The plot blends ancient and modern flavours. Thanks to a folkloric ruse, Mevlut elopes not with beautiful Samiha, whom he thought he was bombarding with ghost-written love-letters, but her smarter, plainer sister Rayiha. Kismet (fate) still lays down the law. The accidental couple come to love each other dearly, and with Rayiha's resourceful help Mevlut learns how to navigate the “secret world of the city”. Friends and family break into the boza-seller's story with their own chatty versions of events: a pseudo-documentary technique that carries into the finished novel traces of the grassroots research that nourished it. Ekin Oklap's high-spirited and reader-friendly translation keeps pace with Pamuk's fondness for colloquial chronicle and fairy-tale artifice.

Coups and riots come and go; Western fads eat into the street-vendors' trade; Istanbul spreads over its hills “like a monstrous creature... smothered in fog and factory fumes”. The “demon of change” races ahead, captured on the hoof in zestful episodes that tell us all about the dark arts of electricity theft, the ascent of slumland property-barons, or the economics of fast-food.
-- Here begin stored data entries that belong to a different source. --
(* Let $V$ be a finite nonempty set of voters and $A$ a finite set of alternatives. (i) If a consular election rule $F:\mathcal{P}(V,A)\to S_2(A)$ satisfies SPP and SPO, then its range graph $\mathcal{G}(F)$ satisfies edge-connectivity. (ii) Conversely, if $G$ is a graph on vertex set $A$ with at least one edge that satisfies edge-connectivity, then there exists a consular election rule $F:\mathcal{P}(V,A)\to S_2(A)$ satisfying SPP and SPO with $\mathcal{G}(F)=G$.
   Context: A profile assigns to each voter $i\in V$ a linear order $P_i$ on $A$; $P_i'P_{-i}$ replaces voter $i$'s order by $P_i'$. $S_2(A)$ is the set of 2-element subsets of $A$; a consular election rule is a map $F:\mathcal{P}(V,A)\to S_2(A)$. SPO: for all $P$, $i$, $P_i'$, $\mathrm{best}(P_i,F(P))\succeq_i\mathrm{best}(P_i,F(P_i'P_{-i}))$; SPP: same with $\mathrm{worst}$, where $\mathrm{best}(P_i,W)$, $\mathrm{worst}(P_i,W)$ are the $P_i$-best and $P_i$-worst elements of $W$. The range graph $\mathcal{G}(F)$ has vertex set $A$ and edge set equal to the range of $F$. A graph satisfies edge-connectivity if whenever $\{a,b\}$ and $\{c,d\}$ are edges with $a,b,c,d$ pairwise distinct, then $\{a,c\}$ or $\{a,d\}$ is an edge, and $\{b,c\}$ or $\{b,d\}$ is an edge. *)

From mathcomp Require Import all_boot.
Set Implicit Arguments. Unset Strict Implicit. Unset Printing Implicit Defensive.

(* A (weak-reflexive form of a) linear order on A: x is weakly preferred to y. *)
Record lorder (A : finType) := LOrder {
  lo_rel :> rel A;
  lo_refl : reflexive lo_rel;
  lo_antisym : antisymmetric lo_rel;
  lo_trans : transitive lo_rel;
  lo_total : total lo_rel }.

Definition profile (V A : finType) := V -> lorder A.

Definition upd (V A : finType) (P : profile V A) (i : V) (Pi : lorder A)
  : profile V A := fun j => if j == i then Pi else P j.

Definition pair_set (A : finType) := {W : {set A} | #|W| == 2}.

Definition consular_rule (V A : finType) := profile V A -> pair_set A.

Definition is_best (A : finType) (R : lorder A) (W : {set A}) (x : A) :=
  x \in W /\ forall y, y \in W -> R x y.
Definition is_worst (A : finType) (R : lorder A) (W : {set A}) (x : A) :=
  x \in W /\ forall y, y \in W -> R y x.

Definition SPO (V A : finType) (F : consular_rule V A) :=
  forall (P : profile V A) (i : V) (Pi' : lorder A) (x y : A),
    is_best (P i) (val (F P)) x -> is_best (P i) (val (F (upd P i Pi'))) y ->
    P i x y.

Definition SPP (V A : finType) (F : consular_rule V A) :=
  forall (P : profile V A) (i : V) (Pi' : lorder A) (x y : A),
    is_worst (P i) (val (F P)) x -> is_worst (P i) (val (F (upd P i Pi'))) y ->
    P i x y.

Definition is_graph (A : finType) (G : {set {set A}}) :=
  forall e, e \in G -> #|e| = 2.

Definition range_edge (V A : finType) (F : consular_rule V A) (e : {set A}) :=
  exists P : profile V A, val (F P) = e.

Definition edge_connectivity (A : finType) (E : {set A} -> Prop) :=
  forall a b c d : A,
    E [set a; b] -> E [set c; d] ->
    a != b -> a != c -> a != d -> b != c -> b != d -> c != d ->
    (E [set a; c] \/ E [set a; d]) /\ (E [set b; c] \/ E [set b; d]).

From mathcomp Require Import all_boot.
From Stdlib Require Import FunctionalExtensionality ClassicalEpsilon.
Set Implicit Arguments. Unset Strict Implicit. Unset Printing Implicit Defensive.

(* (i) Let {a, b} = F P1 and {c, d} = F P2, and let L rank a first, then c
   and d.  Switching the voters of P1 one at a time to L keeps a in the
   outcome, since otherwise the deviator, switching back, would get a better
   best element, against SPO.  Switching the voters of P2 to L keeps the
   outcome inside the L-upper set {a, c, d}, by SPP.  Both walks end at the
   unanimous profile L, whose outcome is therefore {a, c} or {a, d}.
   (ii) A fixed voter with order L dictates the edge {a, b}, where a is her
   favourite vertex covered by G and b her favourite neighbour of a.  Its
   best element beats that of any edge, and edge-connectivity gives every
   edge a vertex ranked below b, so its worst element beats that of any edge
   too: this is SPO and SPP.  Putting c and d on top selects {c, d}. *)

Section LinearOrders.
Variable A : finType.

Lemma lorder_trans (L : lorder A) x y z : L x y -> L y z -> L x z.
Proof. exact: (@lo_trans _ L y). Qed.

Lemma best_exists (L : lorder A) (W : {set A}) : W != set0 -> exists x, is_best L W x.
Proof.
case/set0Pn=> w wW.
have memW y : (y \in W) = (y \in sort L (enum W)) by rewrite mem_sort mem_enum.
have := sort_sorted (@lo_total _ L) (enum W).
move: memW; case: (sort _ _) => [|x s] memW; first by rewrite memW in wW.
move=> /= path_xs; have x_min := order_path_min (@lo_trans _ L) path_xs.
exists x; split=> [|y]; first by rewrite memW mem_head.
by rewrite memW inE => /predU1P [->|ys]; [apply: lo_refl | apply: (allP x_min)].
Qed.

Definition converse_lorder (L : lorder A) : lorder A :=
  @LOrder A (fun x y => L y x) (@lo_refl _ L)
    (fun x y yx => esym (@lo_antisym _ L y x yx))
    (fun y x z xy yz => lorder_trans yz xy) (fun x y => @lo_total _ L y x).

Lemma worst_exists (L : lorder A) (W : {set A}) : W != set0 -> exists x, is_worst L W x.
Proof. exact: (best_exists (converse_lorder L)). Qed.

Definition lorder_of_inj (f : A -> nat) (f_inj : injective f) : lorder A :=
  @LOrder A (fun x y => f x <= f y) (fun x => leqnn _)
    (fun x y xy => f_inj x y (anti_leq xy)) (fun y x z => @leq_trans (f y) (f x) (f z))
    (fun x y => leq_total (f x) (f y)).

Definition prefix_rank (s : seq A) (x : A) : nat := index x (s ++ enum A).

Lemma prefix_rank_inj s : injective (prefix_rank s).
Proof.
move=> x y; rewrite /prefix_rank => eq_xy.
have mem z : z \in s ++ enum A by rewrite mem_cat mem_enum orbT.
by rewrite -(nth_index x (mem x)) eq_xy nth_index.
Qed.

Lemma prefix_rank_lt s x : (prefix_rank s x < size s) = (x \in s).
Proof.
rewrite /prefix_rank index_cat; case: ifP => [xs|_]; first by rewrite index_mem.
by rewrite ltnNge leq_addr.
Qed.

Definition prefer (s : seq A) : lorder A := lorder_of_inj (@prefix_rank_inj s).

Lemma prefer_head x s z : prefer (x :: s) x z.
Proof. by rewrite /= /prefix_rank /= eqxx. Qed.

Lemma prefer_upper s x y : y \in s -> prefer s x y -> x \in s.
Proof. by rewrite /= -!prefix_rank_lt => ys xy; apply: leq_ltn_trans xy ys. Qed.

End LinearOrders.

Lemma set2_other (A : finType) (e : {set A}) a :
  #|e| = 2 -> a \in e -> exists2 y, y != a & e = [set a; y].
Proof.
move/eqP/cards2P=> [x [y [xy ->]]]; rewrite !inE => /orP[] /eqP ->.
  by exists y; rewrite // eq_sym.
by exists x; rewrite // setUC.
Qed.

Lemma pair_set_card (A : finType) (W : pair_set A) : #|val W| = 2.
Proof. exact/eqP/(valP W). Qed.

Lemma pair_set_neq0 (A : finType) (W : pair_set A) : val W != set0.
Proof. by rewrite -card_gt0 pair_set_card. Qed.

Section Profiles.
Variables V A : finType.

Lemma upd_same (P : profile V A) i L : upd P i L i = L.
Proof. by rewrite /upd eqxx. Qed.

Lemma upd_upd_self (P : profile V A) i L : upd (upd P i L) i (P i) = P.
Proof. by apply: functional_extensionality => j; rewrite /upd; case: eqP => [->|]. Qed.

Lemma upd_ind (L : lorder A) (Pr : profile V A -> Prop) :
  (forall Q i, Pr Q -> Pr (upd Q i L)) -> forall P, Pr P -> Pr (fun _ => L).
Proof.
move=> Pr_upd P PrP.
have Pr_switched (s : seq V) : Pr (fun j => if j \in s then L else P j).
  elim: s => [|i s IHs]; first by congr Pr: PrP; apply: functional_extensionality.
  have := Pr_upd _ i IHs; congr Pr; apply: functional_extensionality => j.
  by rewrite /upd inE; case: eqP.
have := Pr_switched (enum V); congr Pr; apply: functional_extensionality => j.
by rewrite mem_enum.
Qed.

Lemma dictatorship_strategyproof (sel : lorder A -> {set A} -> A -> Prop)
    (v0 : V) (g : lorder A -> pair_set A) :
  (forall L W x y, sel L W x -> sel L W y -> L x y) ->
  (forall L L' x y, sel L (val (g L)) x -> sel L (val (g L')) y -> L x y) ->
  forall (P : profile V A) i L' x y,
    sel (P i) (val (g (P v0))) x -> sel (P i) (val (g (upd P i L' v0))) y -> P i x y.
Proof.
move=> sel_unique g_dominant P i L' x y; rewrite /upd.
by case: eqP => [<-|_]; [apply: g_dominant | apply: sel_unique].
Qed.

End Profiles.

Section RangeGraph.
Variables (V A : finType) (F : consular_rule V A).

Lemma SPO_keeps_top (L : lorder A) a : SPO F -> (forall z, L a z) ->
  forall Q i, a \in val (F Q) -> a \in val (F (upd Q i L)).
Proof.
move=> F_SPO a_top Q i aQ.
have [x x_best] := best_exists (upd Q i L i) (pair_set_neq0 (F (upd Q i L))).
have a_best : is_best (upd Q i L i) (val (F (upd (upd Q i L) i (Q i)))) a.
  by rewrite upd_upd_self upd_same.
have := F_SPO _ i (Q i) x a x_best a_best; rewrite upd_same => xa.
have <- : x = a by apply: (@lo_antisym _ L); rewrite xa a_top.
by case: x_best.
Qed.

Lemma SPP_keeps_upper (L : lorder A) (S : {set A}) : SPP F ->
  (forall x y, y \in S -> L x y -> x \in S) ->
  forall Q i, val (F Q) \subset S -> val (F (upd Q i L)) \subset S.
Proof.
move=> F_SPP S_upper Q i QS.
have [x x_worst] := worst_exists (upd Q i L i) (pair_set_neq0 (F (upd Q i L))).
have [y y_worst] := worst_exists (upd Q i L i) (pair_set_neq0 (F Q)).
have y_worst' : is_worst (upd Q i L i) (val (F (upd (upd Q i L) i (Q i)))) y.
  by rewrite upd_upd_self.
have := F_SPP _ i (Q i) x y x_worst y_worst'; rewrite upd_same => xy.
have xS : x \in S by apply: S_upper xy; apply: (subsetP QS); case: y_worst.
case: x_worst => _; rewrite upd_same => x_worst.
by apply/subsetP => z /x_worst; apply: S_upper.
Qed.

Lemma range_edge_extend a c d (P1 P2 : profile V A) : SPP F -> SPO F ->
  a \in val (F P1) -> val (F P2) = [set c; d] ->
  range_edge F [set a; c] \/ range_edge F [set a; d].
Proof.
move=> F_SPP F_SPO aP1 P2E.
pose L := prefer [:: a; c; d]; pose S := [set x in [:: a; c; d]].
have a_in := upd_ind (SPO_keeps_top F_SPO (@prefer_head _ a [:: c; d])) aP1.
have S_upper x y : y \in S -> L x y -> x \in S by rewrite !in_set; apply: prefer_upper.
have P2S : val (F P2) \subset S.
  by rewrite P2E; apply/subsetP => z; rewrite in_set !inE => /orP[]/eqP->; rewrite eqxx !orbT.
have LS := upd_ind (SPP_keeps_upper F_SPP S_upper) P2S.
have [z za E] := set2_other (pair_set_card _) a_in.
have := subsetP LS z; rewrite E set22 in_set !inE (negbTE za) /= => /(_ isT) /orP[] /eqP zE.
  by left; exists (fun _ => L); rewrite E zE.
by right; exists (fun _ => L); rewrite E zE.
Qed.

Lemma SPP_SPO_edge_connectivity : SPP F -> SPO F -> edge_connectivity (range_edge F).
Proof.
move=> F_SPP F_SPO a b c d [P1 P1E] [P2 P2E] *.
by split; apply: (range_edge_extend (P1 := P1) F_SPP F_SPO _ P2E); rewrite P1E ?set21 ?set22.
Qed.

End RangeGraph.

Section DominantEdge.
Variables (A : finType) (G : {set {set A}}).
Hypotheses (G_graph : is_graph G) (G_ec : edge_connectivity (fun e => e \in G)).

Definition dominant (L : lorder A) (W : {set A}) :=
  W \in G /\ forall W', W' \in G ->
    (forall x y, is_best L W x -> is_best L W' y -> L x y) /\
    (forall x y, is_worst L W x -> is_worst L W' y -> L x y).

Lemma graph_edge_neq x y : [set x; y] \in G -> x != y.
Proof. by move/G_graph; case: eqP => [->|//]; rewrite setUid cards1. Qed.

Section FavouriteEdge.
Variables (L : lorder A) (a b : A).
Hypotheses (a_top : forall e y, e \in G -> y \in e -> L a y)
  (ab_edge : [set a; b] \in G) (b_top : forall y, [set a; y] \in G -> L b y).

Lemma edge_meets_below W : W \in G -> exists2 z, z \in W & L b z.
Proof.
move=> WG; have [aW|aNW] := boolP (a \in W).
  have [o _ WE] := set2_other (G_graph WG) aW.
  by exists o; [rewrite WE set22 | apply: b_top; rewrite -WE].
have [bW|bNW] := boolP (b \in W); first by exists b; last apply: lo_refl.
have /cards2P [c [d [cd WE]]] : #|W| == 2 by rewrite G_graph.
have neq x y : x \notin W -> y \in W -> x != y by move=> xW yW; apply: contraNneq xW => ->.
have [c_in d_in] : c \in W /\ d \in W by rewrite WE set21 set22.
have cdG : [set c; d] \in G by rewrite -WE.
have [[ac|ad] _] := G_ec ab_edge cdG (graph_edge_neq ab_edge)
  (neq _ _ aNW c_in) (neq _ _ aNW d_in) (neq _ _ bNW c_in) (neq _ _ bNW d_in) cd.
  by exists c; last apply: b_top.
by exists d; last apply: b_top.
Qed.

Lemma favourite_edge_dominant : dominant L [set a; b].
Proof.
split=> // W WG; split=> [x y [_ x_best] [yW _] | x y [xab _] [yW y_worst]].
  exact: lorder_trans (x_best a (set21 a b)) (a_top WG yW).
have [z zW bz] := edge_meets_below WG.
move: xab; rewrite !inE => /orP[] /eqP ->; first exact: a_top WG yW.
exact: lorder_trans bz (y_worst z zW).
Qed.

End FavouriteEdge.

Lemma dominant_exists (L : lorder A) : G != set0 -> exists W, dominant L W.
Proof.
case/set0Pn=> e eG.
have [a [/bigcupP [e' e'G ae'] a_top]] : exists a, is_best L (\bigcup_(e in G) e) a.
  apply: best_exists; have /set0Pn [x xe] : e != set0 by rewrite -card_gt0 G_graph.
  by apply/set0Pn; exists x; apply/bigcupP; exists e.
have [b [ab_edge b_top]] : exists b, is_best L [set y | [set a; y] \in G] b.
  have [o _ E] := set2_other (G_graph e'G) ae'.
  by apply: best_exists; apply/set0Pn; exists o; rewrite inE -E.
exists [set a; b]; apply: favourite_edge_dominant.
- by move=> e'' y e''G ye''; apply: a_top; apply/bigcupP; exists e''.
- by rewrite inE in ab_edge.
- by move=> y ay; apply: b_top; rewrite inE.
Qed.

Lemma dominant_prefer c d W :
  [set c; d] \in G -> dominant (prefer [:: c; d]) W -> W = [set c; d].
Proof.
move=> cdG [WG W_dom]; pose L := prefer [:: c; d].
have [x x_worst] : exists x, is_worst L W x.
  by apply: worst_exists; rewrite -card_gt0 G_graph.
have d_worst : is_worst L [set c; d] d.
  by split=> [|z]; rewrite ?set22 // !inE => /orP[] /eqP ->; [apply: prefer_head | apply: lo_refl].
have xd := (W_dom _ cdG).2 x d x_worst d_worst.
have W_sub : W \subset [set c; d].
  apply/subsetP => z zW; have zd := lorder_trans (x_worst.2 z zW) xd.
  by have := prefer_upper (mem_last c [:: d]) zd; rewrite !inE.
by apply/eqP; rewrite eqEcard W_sub (G_graph WG) (G_graph cdG).
Qed.

Section Dictatorship.
Hypothesis G_nonempty : G != set0.
Variables (V : finType) (v0 : V).

Definition dominant_edge (L : lorder A) : {set A} :=
  proj1_sig (constructive_indefinite_description _ (dominant_exists L G_nonempty)).

Lemma dominant_edgeP L : dominant L (dominant_edge L).
Proof. exact: proj2_sig. Qed.

Definition dominant_pair (L : lorder A) : pair_set A :=
  exist _ (dominant_edge L) (introT eqP (G_graph (dominant_edgeP L).1)).

Definition dictatorship : consular_rule V A := fun P => dominant_pair (P v0).

Lemma dictatorship_SPO : SPO dictatorship.
Proof.
apply: (@dictatorship_strategyproof _ _ (@is_best A) v0 dominant_pair).
  by move=> L W x y [_ x_best] [yW _]; apply: x_best yW.
by move=> L L'; apply: ((dominant_edgeP L).2 _ (dominant_edgeP L').1).1.
Qed.

Lemma dictatorship_SPP : SPP dictatorship.
Proof.
apply: (@dictatorship_strategyproof _ _ (@is_worst A) v0 dominant_pair).
  by move=> L W x y [xW _] [_ y_worst]; apply: y_worst xW.
by move=> L L'; apply: ((dominant_edgeP L).2 _ (dominant_edgeP L').1).2.
Qed.

Lemma range_dictatorship e : range_edge dictatorship e <-> e \in G.
Proof.
split=> [[P <-] | eG]; first exact: (dominant_edgeP _).1.
have /cards2P [c [d [_ E]]] : #|e| == 2 by rewrite G_graph.
exists (fun _ => prefer [:: c; d]); rewrite E.
by apply: dominant_prefer; [rewrite -E | apply: dominant_edgeP].
Qed.

End Dictatorship.

End DominantEdge.

Theorem proposition35 (V A : finType) (hV : 0 < #|V|) :
  (forall F : consular_rule V A,
     SPP F -> SPO F -> edge_connectivity (range_edge F)) /\
  (forall G : {set {set A}},
     is_graph G -> G != set0 -> edge_connectivity (fun e => e \in G) ->
     exists F : consular_rule V A,
       [/\ SPP F, SPO F & forall e, range_edge F e <-> e \in G]).
Proof.
split=> [F | G G_graph G_nonempty G_ec]; first exact: SPP_SPO_edge_connectivity.
have [v0 _] := card_gt0P hV.
exists (dictatorship G_graph G_ec G_nonempty v0).
by split; [apply: dictatorship_SPP | apply: dictatorship_SPO | apply: range_dictatorship].
Qed.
The book sprawls as its city does.

With its comedy, sentiment, melodrama and voracious curiosity about the urban habitat, this is Pamuk's most Dickensian work. Still, as always in his prose, we return to the solitary protagonist wandering the haunted streets alone, a dreamer consoled by the conviction that “there was another realm within our world, hidden away behind the walls of a mosque, in a collapsing wooden mansion, or inside a cemetery”. For Mevlut, as for Pamuk, city and soul converge.